Unfortunately, Attempt 2 fails just as Attempt 1 did, when it comes to preventing forgeries (bearing in mind the previous sentence), because we can still tweak created tags in the same way. Perhaps slightly less obvious is that we can not just tweak \(T\) but also \(U\). (But it's important to bear in mind that our security game is also concerned with whether an attacker can do something clever with re-used values of that U.)

Algebraic MAC attempt 3
  • Keygen: choose a scalar \(k\) at random
  • Tag: choose a curve point \(U\) at random, and message \(m\), output \((U, T = (m+k)U)\)
  • Verify: Given \((U, T)\) and message \(m\), check if \(T == (m+k)U\)

This prevents the multiplicative tweaking which killed our first two attempts; even supposing the attacker has a given \(T\) on a given, known message \(m\), multiplying \(T\) by any constant \(a\), will create \(T^{*} = aT = (am + ak) U\) which is not a tag on any message he can state (it is a tag on \(am + (a-1)k\) but he doesn't know \(k\), so even if he knows, or guesses, \(m\), he is stuck).

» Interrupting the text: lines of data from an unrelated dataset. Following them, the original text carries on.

(* Let $m>1$ and let $\gamma$ be a permutation of $(\mathbb{F}_2)^m$ with $0\gamma=0$. Then $\mathcal{N}(\gamma)\neq0$ if and only if $\gamma$ is strongly $1$-anti-invariant.
   Context: For Boolean functions $f,g:(\mathbb{F}_2)^m\to\mathbb{F}_2$, $\mathrm{d}(f,g)=|\{x: f(x)\ne g(x)\}|$; $\mathcal{A}_m$ is the set of affine Boolean functions (algebraic degree at most $1$); the non-linearity of $f$ is $\mathcal{N}(f)=\min\{\mathrm{d}(f,\alpha):\alpha\in\mathcal{A}_m\}$. For a vectorial function $F:(\mathbb{F}_2)^m\to(\mathbb{F}_2)^m$ with coordinate functions $F_1,\dots,F_m$ and $v\ne0$, the component is ${}_vF=\sum_i v_iF_i$, and $\mathcal{N}(F)=\min\{\mathcal{N}({}_vF): v\in(\mathbb{F}_2)^m\setminus\{0\}\}$. $F$ is strongly $1$-anti-invariant if for any two subspaces $U,W$ of $(\mathbb{F}_2)^m$ with $F(U)=W$, either $\dim U=\dim W<m-1$ or $U=W=(\mathbb{F}_2)^m$. *)

(* (F_2)^m is modelled as row vectors 'rV['F_2]_m;
   subspaces are represented by square matrices via their row spaces (mxalgebra). *)
From HB Require Import structures.
From mathcomp Require Import all_boot all_order all_algebra all_fingroup.
Set Implicit Arguments. Unset Strict Implicit. Unset Printing Implicit Defensive.
Import GRing.Theory.
Local Open Scope ring_scope.

Notation vecF2 m := 'rV['F_2]_m.

Definition bdist (m : nat) (f g : vecF2 m -> 'F_2) : nat :=
  #|[set x : vecF2 m | f x != g x]|.

Definition affine_fun (m : nat) (a : 'cV['F_2]_m) (b : 'F_2) : vecF2 m -> 'F_2 :=
  fun x => (x *m a) 0 0 + b.

Definition nonlin (m : nat) (f : vecF2 m -> 'F_2) : nat :=
  \big[minn/(2 ^ m)%N]_(a : 'cV['F_2]_m) \big[minn/(2 ^ m)%N]_(b : 'F_2)
     bdist f (affine_fun a b).

Definition component (m : nat) (F : vecF2 m -> vecF2 m) (v : vecF2 m)
  : vecF2 m -> 'F_2 := fun x => \sum_(i < m) v 0 i * F x 0 i.

Definition vnonlin (m : nat) (F : vecF2 m -> vecF2 m) : nat :=
  \big[minn/(2 ^ m)%N]_(v : vecF2 m | v != 0) nonlin (component F v).

Definition maps_onto (m : nat) (F : vecF2 m -> vecF2 m) (U W : 'M['F_2]_m) : Prop :=
  forall w : vecF2 m, (w <= W)%MS <-> exists2 u : vecF2 m, (u <= U)%MS & F u = w.

Definition strongly_1_anti_invariant (m : nat) (F : vecF2 m -> vecF2 m) : Prop :=
  forall U W : 'M['F_2]_m, maps_onto F U W ->
    (\rank U = \rank W /\ (\rank U < m - 1)%N) \/ (row_full U /\ row_full W).

From HB Require Import structures.
From mathcomp Require Import all_boot all_order all_algebra all_fingroup.
From mathcomp Require Import mxabelem zify.
Set Implicit Arguments. Unset Strict Implicit. Unset Printing Implicit Defensive.
Import Order.TTheory GRing.Theory.
Local Open Scope ring_scope.

(* A bijection maps a subspace only onto a subspace of the same cardinality,
   so F(U) = W forces dim U = dim W, and strong 1-anti-invariance just says
   that gamma maps no hyperplane onto a hyperplane. For hyperplanes U = ker a
   and W = ker b, "x \in U <-> gamma x \in W" is the statement that the
   component <gamma x, b> equals the linear form <x, a>, i.e. has
   non-linearity 0; conversely a component at distance 0 from an affine
   function is linear (gamma 0 = 0 kills the constant) and its kernel is
   mapped onto a hyperplane. *)

Lemma bigmin_eq0P (I : finType) (P : pred I) (F : I -> nat) (N : nat) : (0 < N)%N ->
  reflect (exists2 i, P i & F i = 0%N) (\big[minn/N]_(i | P i) F i == 0%N).
Proof.
move=> N_gt0; apply: (iffP idP) => [min0 | [j Pj Fj0]]; last first.
  by rewrite -leqn0 -Fj0 -minEnat; exact: (@bigmin_le_cond _ nat).
have [/exists_inP[i Pi /eqP] | /exists_inPn F_gt0] :=
  boolP [exists (i | P i), F i == 0%N]; first by exists i.
have : (0 < \big[minn/N]_(i | P i) F i)%N.
  by rewrite -minEnat; apply: (@lt_bigmin _ nat) => // i /F_gt0; rewrite -lt0n.
by rewrite (eqP min0).
Qed.

Lemma mx11_eq0 (R : nmodType) (M : 'M[R]_1) : (M == 0) = (M 0 0 == 0).
Proof.
apply/eqP/eqP => [-> | M00]; first by rewrite mxE.
by apply/matrixP => i j; rewrite !ord1 M00 mxE.
Qed.

Lemma eqF2_by_zero (p q : 'F_2) : (p == 0) = (q == 0) -> p = q.
Proof.
by case: p => [[|[|?]] ?]; case: q => [[|[|?]] ?] //= _; apply: val_inj.
Qed.

Lemma hyperplane_kernel (F : fieldType) (k n : nat) (U : 'M[F]_(k, n)) :
  (0 < n)%N -> \rank U = (n - 1)%N ->
  exists2 a : 'cV[F]_n, a != 0 & forall u : 'rV_n, (u <= U)%MS = (u *m a == 0).
Proof.
move=> n_gt0 rU; set C := cokermx U.
have rC : \rank C = 1%N by rewrite mxrank_coker rU; lia.
have [j Cj_neq0] : exists j, col j C != 0.
  apply/existsP; apply: contraT; rewrite negb_exists => /forallP Ccol0.
  suff C0 : C = 0 by move: rC; rewrite C0 mxrank0.
  apply/matrixP => i l; have /eqP/matrixP/(_ i 0) := negbNE (Ccol0 l).
  by rewrite !mxE.
have /submxP[D CD] : (C^T <= row j C^T)%MS.
  rewrite -(mxrank_leqif_sup (row_sub j C^T)).2 mxrank_tr rC.
  by rewrite rank_rV -tr_col trmx_eq0 Cj_neq0.
exists (col j C) => // u; rewrite submxE -/C.
apply/eqP/eqP => [uC0 | uCj0]; first by rewrite colE mulmxA uC0 mul0mx.
have -> : C = col j C *m D^T by rewrite -[LHS]trmxK CD trmx_mul tr_row trmxK.
by rewrite mulmxA uCj0 mul0mx.
Qed.

Lemma bdist_eq0P (m : nat) (f g : vecF2 m -> 'F_2) : bdist f g = 0%N <-> f =1 g.
Proof.
rewrite /bdist; split => [/eqP | fg].
  by rewrite cards_eq0 => /eqP/setP fg x; have := fg x; rewrite !inE => /negbFE/eqP.
by apply/eqP; rewrite cards_eq0; apply/eqP/setP => x; rewrite !inE fg eqxx.
Qed.

Lemma nonlin_eq0P (m : nat) (f : vecF2 m -> 'F_2) :
  nonlin f = 0%N <-> exists a b, f =1 affine_fun a b.
Proof.
have pos : (0 < 2 ^ m)%N by rewrite expn_gt0.
rewrite /nonlin; split => [/eqP/(bigmin_eq0P _ _ pos)[a _ /eqP] | [a [b fab]]].
  by move/(bigmin_eq0P _ _ pos) => [b _ /bdist_eq0P fab]; exists a, b.
apply/eqP/(bigmin_eq0P _ _ pos); exists a => //; apply/eqP/(bigmin_eq0P _ _ pos).
by exists b => //; apply/bdist_eq0P.
Qed.

Lemma vnonlin_eq0P (m : nat) (F : vecF2 m -> vecF2 m) :
  vnonlin F = 0%N <-> exists2 v, v != 0 & nonlin (component F v) = 0%N.
Proof.
have pos : (0 < 2 ^ m)%N by rewrite expn_gt0.
by split => [/eqP/(bigmin_eq0P _ _ pos) | /(bigmin_eq0P _ _ pos)/eqP].
Qed.

Lemma componentE (m : nat) (F : vecF2 m -> vecF2 m) (v x : vecF2 m) :
  component F v x = (F x *m v^T) 0 0.
Proof. by rewrite /component mxE; apply: eq_bigr => i _; rewrite mxE mulrC. Qed.

Lemma affine_component_linear (m : nat) (F : vecF2 m -> vecF2 m) v a b :
  F 0 = 0 -> component F v =1 affine_fun a b ->
  forall x, component F v x = (x *m a) 0 0.
Proof.
move=> F_0 Fab x; have := Fab 0; rewrite componentE F_0 /affine_fun !mul0mx mxE add0r.
by move=> b0; rewrite Fab /affine_fun -b0 mxE addr0.
Qed.

Lemma maps_onto_rank (m : nat) (F : vecF2 m -> vecF2 m) (U W : 'M['F_2]_m) :
  injective F -> maps_onto F U W -> \rank U = \rank W.
Proof.
move=> F_inj FUW.
have rowgW : rowg W = F @: rowg U.
  apply/setP => w; rewrite inE; apply/idP/imsetP => [/FUW[u Uu <-] | [u]].
    by exists u; rewrite ?inE.
  by rewrite inE => Uu ->; apply/FUW; exists u.
have := card_rowg W; rewrite rowgW card_imset // !card_rowg card_Fp //.
by move/eqP; rewrite eqn_exp2l // => /eqP.
Qed.

Lemma maps_onto_hyperplanes_linear (m : nat) (F : vecF2 m -> vecF2 m)
    (U W : 'M['F_2]_m) (a b : 'cV['F_2]_m) :
  injective F -> maps_onto F U W ->
  (forall u : vecF2 m, (u <= U)%MS = (u *m a == 0)) ->
  (forall w : vecF2 m, (w <= W)%MS = (w *m b == 0)) ->
  forall x, component F b^T x = (x *m a) 0 0.
Proof.
move=> F_inj FUW Ua Wb x; rewrite componentE trmxK; apply: eqF2_by_zero.
rewrite -!mx11_eq0 -Wb -Ua; apply/idP/idP => [/FUW[u Uu /F_inj <-] // | Ux].
by apply/FUW; exists x.
Qed.

Lemma linear_component_maps_onto (m : nat) (gamma : {perm vecF2 m}) (v : vecF2 m)
    (a : 'cV['F_2]_m) :
  (forall x, component (fun x => gamma x) v x = (x *m a) 0 0) ->
  maps_onto (fun x => gamma x) (kermx a) (kermx v^T).
Proof.
move=> lin w; rewrite sub_kermx mx11_eq0; split => [w0 | [u]].
  exists ((gamma^-1)%g w); last exact: permKV.
  by rewrite sub_kermx mx11_eq0 -lin componentE permKV.
by rewrite sub_kermx mx11_eq0 -lin componentE => u0 <-.
Qed.

Theorem proposition5p3 (m : nat) (hm : (1 < m)%N) (gamma : {perm 'rV['F_2]_m})
  (h0 : gamma 0%R = 0%R) :
  vnonlin (fun x => gamma x) <> 0%N <-> strongly_1_anti_invariant (fun x => gamma x).
Proof.
have m_gt0 : (0 < m)%N by apply: ltnW.
split => [nonlin_neq0 U W gUW | anti /vnonlin_eq0P[v v_neq0 /nonlin_eq0P[a [b vab]]]].
  have rUW := maps_onto_rank (@perm_inj _ gamma) gUW.
  have := rank_leq_col U; rewrite leq_eqVlt => /orP[/eqP rU | rU_lt].
    by right; split; rewrite /row_full -?rUW rU.
  have [rU_small | rU_ge] := ltnP (\rank U) (m - 1); first by left.
  have rU : \rank U = (m - 1)%N by lia.
  have [a _ Ua] := hyperplane_kernel m_gt0 rU.
  have [b b_neq0 Wb] := hyperplane_kernel m_gt0 (etrans (esym rUW) rU).
  case: nonlin_neq0; apply/vnonlin_eq0P; exists b^T; first by rewrite trmx_eq0.
  apply/nonlin_eq0P; exists a, 0 => x; rewrite /affine_fun addr0.
  exact: maps_onto_hyperplanes_linear (@perm_inj _ gamma) gUW Ua Wb x.
have lin := affine_component_linear h0 vab.
have rW : \rank (kermx v^T) = (m - 1)%N by rewrite mxrank_ker mxrank_tr rank_rV v_neq0.
have gUW := linear_component_maps_onto lin.
case: (anti _ _ gUW) => [[_] | [_]].
  by rewrite (maps_onto_rank (@perm_inj _ gamma) gUW) rW ltnn.
by rewrite /row_full rW; lia.
Qed.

However this construction still allows trivial forgery, (and fundamentally for the same reason: the additive homomorphism of the group). Here, because the key is "additively separate" from the message, you can just insert new messages using addition. If you happen to know \(m\) and you want a tag on \(m_2\) instead, just make \(T_2 = T + m_2 U - m U\) (see previous note : reusing \(U\) is in-scope for our attacker).

So if we review these first 3 attempts, it's fairly clear what's going on; it's a paradigm we've seen before in the Schnorr protocol. If you only add a random secret, you allow additive forgery, while if you only multiply a random secret, you allow multiplicative forgery, but if we add both ...

Algebraic MAC attempt 4
  • Keygen: choose two scalars \(k_1, k_2\) at random
  • Tag: choose a curve point \(U\) at random, and message \(m\), output \((U, T = (mk_1+k_2)U)\)
  • Verify: Given \((U, T)\) and message \(m\), check if \(T == (mk_1+k_2)U\)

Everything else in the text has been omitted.